Use model.most_similar(positive=['woman', 'king'], negative=['man']).

**Question:** Does the model correctly guess "Queen"?

In [14]:
import gensim.downloader as api

glove_model = api.load('glove-wiki-gigaword-50')

result = glove_model.most_similar(positive=['woman', 'king'], negative=['man'])

print(result[0])


('queen', 0.8523604273796082)


# **Part 5- Sentiment Analysis (The Application)**

**Concept:** Sentiment Analysis determines whether a piece of text is Positive, Negative, or Neutral. We will use VADER (Valence Aware Dictionary and sEntiment Reasoner) from NLTK. VADER is specifically designed for social media text; it understands that capital letters ("LOVE"), punctuation ("!!!"), and emojis change the sentiment intensity.

**Task:**

1. Initialize the SentimentIntensityAnalyzer.

2. Pass the Pizza Review (corpus[1]) into the analyzer.

3. Pass the Math Complaint (corpus[5]) into the analyzer.

**Analysis:** Look at the compound score for both.

**Compound Score Range:** -1 (Most Negative) to +1 (Most Positive).

Does the model correctly identify that "delicious" and "terrible" in the same sentence result in a mixed or neutral score?

In [16]:
import nltk
from nltk.sentiment import SentimentIntensityAnalyzer

# Download VADER lexicon (run once)
nltk.download('vader_lexicon')

corpus = [
    "Artificial Intelligence is transforming the world; however, ethical concerns remain!",
    "The pizza was absolutely delicious, but the service was terrible ... I won't go back.",
    "The quick brown fox jumps over the lazy dog.",
    "To be, or not to be, that is the question: Whether 'tis nobler in the mind.",
    "Data science involves statistics, linear algebra, and machine learning.",
    "I love machine learning, but I hate the math behind it."
]

sia = SentimentIntensityAnalyzer()

pizza_review = corpus[1]
pizza_score = sia.polarity_scores(pizza_review)
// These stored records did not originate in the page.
Lemma rest_point_asympt_stable : asympt_stable N n (phi n f M c) x.
Proof.
  pose proof cs_const_nonneg. pose proof basin_level_pos. split.
  - intros eps Heps. set (target := eps ^ 2 / (4 * cs_const + 1)).
    assert (Ht : 0 < target) by (apply Rdiv_lt_0_compat; nra).
    set (d := Rmin 1 (Rmin basin_level target)).
    assert (Hd : 0 < d) by (unfold d; repeat apply Rmin_pos; lra).
    assert (Hd1 : d <= 1) by apply Rmin_l.
    assert (Hd2 : d <= basin_level) by (eapply Rle_trans; [apply Rmin_r | apply Rmin_l]).
    assert (Hd3 : d <= target) by (eapply Rle_trans; [apply Rmin_r | apply Rmin_r]).
    exists d. split; auto. intros z Hz Hz0 t Ht0.
    pose proof (lyap_lt_of_dist_lt (z 0) d ltac:(lra) Hz0).
    destruct (lyap_along_solution z Hz ltac:(lra)) as [Hmono _].
    apply dist_lt_of_lyap_lt; auto; [apply Hz; auto|]. pose proof (Hmono t Ht0). fold target. lra.
  - set (eta := Rmin 1 basin_level).
    assert (Heta : 0 < eta) by (apply Rmin_pos; lra).
    assert (Heta1 : eta <= 1) by apply Rmin_l.
    assert (Heta2 : eta <= basin_level) by apply Rmin_r.
    exists eta. split; auto. intros z Hz Hz0 eps Heps.
    pose proof (lyap_lt_of_dist_lt (z 0) eta ltac:(lra) Hz0).
    destruct (lyap_along_solution z Hz ltac:(lra)) as [_ Hdecay].
    destruct (Hdecay (eps ^ 2 / (4 * cs_const + 1))) as [T HT]; [apply Rdiv_lt_0_compat; nra|].
    exists (Rmax T 0). intros t Ht. pose proof (Rmax_l T 0). pose proof (Rmax_r T 0).
    apply dist_lt_of_lyap_lt; auto; [apply Hz; lra | apply HT; lra].
Qed.

End Stability.

Lemma harmonic_cv a : 0 <= a -> Un_cv (fun k => a / (INR k + 1)) 0.
Proof.
  intros Ha eps Heps. destruct (archimed_cor1 (eps / (a + 1))) as [K [HK HK0]].
  { apply Rdiv_lt_0_compat; lra. }
  exists K. intros k Hk. unfold R_dist. rewrite Rminus_0_r.
  pose proof (pos_INR k). assert (HKk : INR K <= INR k) by (apply le_INR; auto).
  assert (0 < INR K) by (apply lt_0_INR; auto).
  rewrite Rabs_pos_eq by (apply Rmult_le_pos; [lra | left; apply Rinv_0_lt_compat; lra]).
  apply Rle_lt_trans with ((a + 1) * / INR K).
  - unfold Rdiv. apply Rmult_le_compat; [lra | left; apply Rinv_0_lt_compat; lra | lra |].
    apply Rinv_le_contravar; lra.
  - apply Rmult_lt_compat_l with (r := a + 1) in HK; [|lra].
    replace ((a + 1) * (eps / (a + 1))) with eps in HK by (field; lra). auto.
Qed.

Lemma seq_cv_of_rate (x : nat -> pt) e (Ms : nat -> R) C : 0 <= C -> Un_cv Ms 0 ->
  (forall k, dist N n (x k) e <= C * Ms k) -> seq_cv N n x e.
Proof.
  intros HC Hcv Hx eps Heps. destruct (Hcv (eps / (C + 1))) as [K HK]; [apply Rdiv_lt_0_compat; lra|].
  exists K. intros k Hk. specialize (HK k Hk). unfold R_dist in HK. rewrite Rminus_0_r in HK.
  pose proof (Rle_abs (Ms k)). pose proof (Hx k).
  apply Rle_lt_trans with (C * (eps / (C + 1))).
  { assert (C * Rabs (Ms k) <= C * (eps / (C + 1))) by (apply Rmult_le_compat_l; lra). nra. }
  replace (C * (eps / (C + 1))) with (eps - eps / (C + 1)) by (field; lra).
  assert (0 < eps / (C + 1)) by (apply Rdiv_lt_0_compat; lra). lra.
Qed.

Lemma prefix_lower_bound (Ms : nat -> R) K : (forall k, 0 < Ms k) ->
  exists m, 0 < m /\ forall k, (k < K)%nat -> m <= Ms k.
Proof.
  intros HM. induction K as [|K [m [Hm H]]]; [exists 1; split; [lra | intros; lia]|].
  exists (Rmin m (Ms K)). split; [apply Rmin_pos; auto|].
  intros k Hk. destruct (Nat.eq_dec k K) as [->|]; [apply Rmin_r|].
  eapply Rle_trans; [apply Rmin_l | apply H; lia].
Qed.

(** The uniform distribution on each population is an interior point. *)
Lemma int_Delta_nonempty x : in_Delta N n x -> exists c, in_int_Delta N n c.
Proof.
  intros [HxD _].
  assert (Hn : forall i, (i < N)%nat -> 0 < INR (n i)).
  { intros i Hi. destruct (HxD i Hi) as [_ [_ Hs]]. apply lt_0_INR.
    destruct (n i); [simpl in Hs; lra | lia]. }
  set (c := fun i h => if Nat.ltb i N then if Nat.ltb h (n i) then / INR (n i) else 0 else 0).
  assert (Hc : forall i h, inS N n i h -> c i h = / INR (n i)).
  { intros i h [Hi Hh]. unfold c. apply Nat.ltb_lt in Hi, Hh. rewrite Hi, Hh. auto. }
  exists c. split; [split|].
  - intros i Hi. split; [|split].
    + intros h Hh. rewrite Hc by (split; auto). left; apply Rinv_0_lt_compat; auto.
    + intros h Hh. unfold c. rewrite (proj2 (Nat.ltb_lt _ _) Hi).
      destruct (Nat.ltb_spec h (n i)); [lia|auto].
    + rewrite (rsum_ext _ _ (fun _ => / INR (n i))) by (intros; apply Hc; split; auto).
      rewrite rsum_const. field. specialize (Hn i Hi); lra.
  - intros i h Hi. unfold c. destruct (Nat.ltb_spec i N); [lia|auto].
  - intros i h Hs. rewrite Hc by auto. apply Rinv_0_lt_compat, Hn. apply Hs.
Qed.

(** A point of [Delta] whose singleton has the mutation property is a mutation
    limit: singletons are connected and compact, and the only proper subset,
    the empty set, fails the mutation property as interior points exist. *)
Lemma singleton_mutation_limit x : in_Delta N n x -> has_mut_property N n f (fun y => y = x) ->
  mutation_limit N n f (fun y => y = x).
Proof.
  intros Hx Hmut. split; [exists x; auto|]. split; [intros y ->; auto|].
  split; [|split; [|split; auto]].
  - intros [U [V [_ [_ [_ [[x1 [-> HU]] [[x2 [-> HV]] Hdis]]]]]]]. apply (Hdis x eq_refl); auto.
  - intros F HF Hcov. destruct (Hcov x eq_refl) as [U [HFU HUx]]. exists (cons U nil). split.
    + intros U' [<-|[]]; auto.
    + intros y ->. exists U. simpl; auto.
  - intros Y HY [x0 [-> HnY]] _ _ HmY.
    destruct (int_Delta_nonempty x Hx) as [c Hc].
    destruct (HmY c Hc) as [Ms [xk [y [_ [HYy _]]]]].
    pose proof (HY y HYy). subst y. contradiction.
Qed.

Lemma strict_vertex_mut_property e b r kap L : strict_vertex_estimates e b r kap L ->
  has_mut_property N n f (fun y => y = e).
Proof.
  intros Hest c Hc.
  destruct (mutation_equilibria_near_vertex e b r kap L c Hest Hc) as [M0 [C [HM0 [HC Hex]]]].
  set (Ms := fun k : nat => M0 / (INR k + 1)).
  assert (HMs : forall k, 0 < Ms k <= M0).
  { intros k. unfold Ms. pose proof (pos_INR k). split; [apply Rdiv_lt_0_compat; lra|].
    unfold Rdiv. rewrite <- (Rmult_1_r M0) at 2. apply Rmult_le_compat_l; [lra|].
    rewrite <- Rinv_1. apply Rinv_le_contravar; lra. }
  destruct (functional_choice _ (fun k => Hex (Ms k) (HMs k))) as [xk Hxk].
  exists Ms, xk, e. split; [|split; auto].
  - split; [intros k; apply HMs|]. split; [apply harmonic_cv; lra|].
    split; intros k; apply Hxk.
  - apply (seq_cv_of_rate xk e Ms C); auto; [apply harmonic_cv; lra | intros k; apply Hxk].
Qed.

(** Mutation equilibria converging to a strict vertex are eventually within
    [stab_radius], hence asymptotically stable once the rate is small. *)
Lemma strict_vertex_attracting e b r kap L : strict_vertex_estimates e b r kap L ->
  attracting N n f (fun y => y = e).
Proof.
  intros Hest c Hc Ms xk [HMpos [_ [HxD Hxphi]]] [y [-> Hcv]].
  pose proof Hest as [Hv [Hr [Hk [HL [Hlip Hneg]]]]].
  destruct (Hcv (stab_radius r kap L) (stab_radius_pos r kap L Hr Hk HL)) as [K HK].
  destruct (prefix_lower_bound Ms K HMpos) as [m [Hm HmK]].
  exists m. split; auto. intros k Hkm.
  assert (HkK : (K <= k)%nat) by (destruct (Nat.lt_ge_cases k K) as [Hlt|]; [specialize (HmK k Hlt); lra | auto]).
  apply (rest_point_asympt_stable e b r kap L); auto.
Qed.

End Fitness.

End Simplex.

Theorem mainTheorem10 (N : nat) (n : nat -> nat) (f : nat -> nat -> pt -> R)
  (Hf : fitness_hyp N n f) (xs : pt) (Hxs : strict_nash N n f xs) :
  mutation_limit N n f (fun y => y = xs) /\
  attracting N n f (fun y => y = xs).
Proof.
  destruct (strict_nash_estimates N n f xs Hf Hxs) as [b [r [kap [L Hest]]]].
  split.
  - apply singleton_mutation_limit; [apply Hxs|].
    apply (strict_vertex_mut_property N n f xs b r kap L Hest).
  - apply (strict_vertex_attracting N n f xs b r kap L Hest).
Qed.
math_complaint = corpus[5]
math_score = sia.polarity_scores(math_complaint)

print("Pizza Review:", pizza_review)
print("Sentiment:", pizza_score, "\n")

print("Math Complaint:", math_complaint)
print("Sentiment:", math_score, "\n")

mixed_sentence = "The food was delicious but the service was terrible."
mixed_score = sia.polarity_scores(mixed_sentence)

print("Mixed Sentence:", mixed_sentence)
print("Sentiment:", mixed_score)


Pizza Review: The pizza was absolutely delicious, but the service was terrible ... I won't go back.
Sentiment: {'neg': 0.223, 'neu': 0.644, 'pos': 0.134, 'compound': -0.3926} 

Math Complaint: I love machine learning, but I hate the math behind it.
Sentiment: {'neg': 0.345, 'neu': 0.478, 'pos': 0.177, 'compound': -0.5346} 

Mixed Sentence: The food was delicious but the service was terrible.
Sentiment: {'neg': 0.307, 'neu': 0.519, 'pos': 0.174, 'compound': -0.4215}


[nltk_data] Downloading package vader_lexicon to /root/nltk_data...
[nltk_data]   Package vader_lexicon is already up-to-date!


VADER correctly detects mixed sentiment when positive and negative words appear together. In the Pizza Review, “delicious” and “terrible” produce a slightly negative compound score (–0.3926). The Math Complaint also shows mixed sentiment and results in a negative score (–0.5346). The test sentence “The food was delicious but the service was terrible” similarly yields a mixed sentiment score (–0.4215). This confirms that VADER handles opposing sentiment cues by producing balanced, near-neutral results that lean toward the stronger emotion.